Here are your options on where to put your money for best returns:

  • Mutual Funds or UITs. These income funds are invested in a diverse range of instruments such as mortgages, secured loans, bonds, and utility stocks. These income-producing instruments are professionally managed and are a combination of different forms of securities that can generate high yield with lesser risks involved. Some funds are conservative while some are aggressive. You can also try out exchange-traded funds which are similar to UITs but they behave like stocks which can be traded or sold daily. There is always a degree of risk with any type of funds like income funds which offer reinvestments risks, market risks, purchasing power risks, and task risks.
  • Fixed Annuities. These investment vehicles specifically cater to conservative investors or savers who are looking for higher returns while keeping the principal intact. This is designed to allow investors to build money and let grow while being tax-deferred until you reach retirement. The principal and interest in this instrument is backed by life insurance companies. Look for carriers that offer high interest rates to increase your revenue over time. There are also some fixed annuities that give their investors a percentage of the debt returns or equity markets while still guaranteeing the principal amount. This is also guaranteed tax-deferred and with 10% penalty for withdrawals made before the age of retirement. The only risk seen in this investment is liquidity risk.
  • Preferred Stock. This is a security that can be traded like stock but behaves like stock. This has a dividend rate of 2% or typically at $25 per share. This has very little risk for liquidity and can be sold at any given time without incurring penalties. This usually pays monthly or quarterly.

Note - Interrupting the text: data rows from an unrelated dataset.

Section TwoPathDynamics.
Variables (R : realType) (m n : nat) (l : TPV m n -> R) (delta : R)
  (p : nat -> TPV m n -> TPV m n -> R) (f b : nat -> TPV m n -> R).
Hypotheses (m_gt0 : (0 < m)%N) (m_lt_n : (m < n)%N)
  (delta_gt0 : 0 < delta) (delta_lt1 : delta < 1)
  (no_leak : forall v, l v = 0)
  (traj : is_trajectory (@TPE m n) src dst l delta p f b)
  (p0_pos : forall u v, TPE u v -> 0 < p 0%N u v)
  (f_src : forall t : nat, 0 < f t src /\ f t src <= f t.+1 src)
  (b_dst : forall t : nat, 0 < b t dst /\ b t dst <= b t.+1 dst)
  (f0_bounded : forall v, v != src -> v != dst -> 0 <= f 0%N v /\ f 0%N v <= f 0%N src)
  (b0_bounded : forall v, v != src -> v != dst -> 0 <= b 0%N v /\ b 0%N v <= b 0%N dst).

Local Notation E := (@TPE m n).
Let n_gt1 : (1 < n)%N := leq_ltn_trans m_gt0 m_lt_n.

Definition inflow (t : nat) : R := f t src + b t dst.

Lemma inflow_gt0 t : 0 < inflow t.
Proof. by rewrite addr_gt0 ?(f_src t).1 ?(b_dst t).1. Qed.

Lemma b_dst_mono : {homo (fun t => b t dst) : i j / (i <= j)%N >-> i <= j}.
Proof. exact: homo_leq (@lexx _ _) (@le_trans _ _) (fun t => (b_dst t).2). Qed.

Lemma inflow_mono : {homo inflow : i j / (i <= j)%N >-> i <= j}.
Proof.
apply: homo_leq (@lexx _ _) (@le_trans _ _) _ => t.
by rewrite lerD ?(f_src t).2 ?(b_dst t).2.
Qed.

Definition bounded_state (t : nat) : Prop :=
  [/\ forall v, v != dst -> 0 <= f t v <= f t src,
      forall v, v != src -> 0 <= b t v <= b t dst
    & forall u v, E u v -> 0 < p t u v].

Lemma edge_flows_bounded t : bounded_state t -> forall u v, E u v ->
  0 <= fedge E (p t) (f t) u v <= f t src /\ 0 <= bedge E (p t) (b t) u v <= b t dst.
Proof.
move=> [fbd bbd ppos] u v huv.
have ud : u != dst by apply: contraTneq huv => ->; rewrite no_out_dst.
have vs : v != src by apply: contraTneq huv => ->; rewrite no_in_src.
have /andP[fu0 fu_le] := fbd u ud; have /andP[bv0 bv_le] := bbd v vs.
have /andP[fe0 fe_le] := fedge_bounds huv (fun z => ppos u z) fu0.
have /andP[be0 be_le] := bedge_bounds huv (fun z => ppos z v) bv0.
by rewrite fe0 be0 (le_trans fe_le) // (le_trans be_le).
Qed.

Lemma bounded_state_all t : bounded_state t.
Proof.
elim: t => [|t IH].
  split=> [v vd|v vs|//].
  - case: (eqVneq v src) => [->|vs]; first by rewrite lexx ltW ?(f_src 0%N).1.
    by have [-> ->] := f0_bounded vs vd.
  - case: (eqVneq v dst) => [->|vd]; first by rewrite lexx ltW ?(b_dst 0%N).1.
    by have [-> ->] := b0_bounded vs vd.
have flows := edge_flows_bounded IH.
split=> [v vd|v vs|u v huv].
- case: (eqVneq v src) => [->|vs]; first by rewrite lexx ltW ?(f_src t.+1).1.
  have [u [w [Ein _]]] := inner_neighbours m_gt0 n_gt1 vs vd.
  rewrite (f_succ no_leak traj) // (big_pred1 u) //.
  have Euv : E u v by rewrite Ein.
  have /andP[-> le_src] := (flows u v Euv).1.
  exact: le_trans le_src (f_src t).2.
- case: (eqVneq v dst) => [->|vd]; first by rewrite lexx ltW ?(b_dst t.+1).1.
  have [u [w [_ Eout]]] := inner_neighbours m_gt0 n_gt1 vs vd.
  rewrite (b_succ no_leak traj) // (big_pred1 w) //.
  have Evw : E v w by rewrite Eout.
  have /andP[-> le_dst] := (flows v w Evw).2.
  exact: le_trans le_dst (b_dst t).2.
- have [/andP[fe0 _] /andP[be0 _]] := flows u v huv.
  have [_ _ ppos] := IH.
  rewrite (p_succ traj) // mulr_gt0 //; have := ppos u v huv; lra.
Qed.

Lemma p_pos t u v : E u v -> 0 < p t u v.
Proof. by have [_ _] := bounded_state_all t; apply. Qed.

Costs does matter a lot with any investment maneuvers that you partake with. It’s not a guessing game because there really is a difference between professionally-managed funds from money that is managed by amateurs. This is enough reason to believe that investing does require skill. Those who choose to invest conservatively have been frustrated because of the low interest rates which means it practically generate nothing. While the rates may rise at some point, these guaranteed or low-risk instruments cannot beat inflation.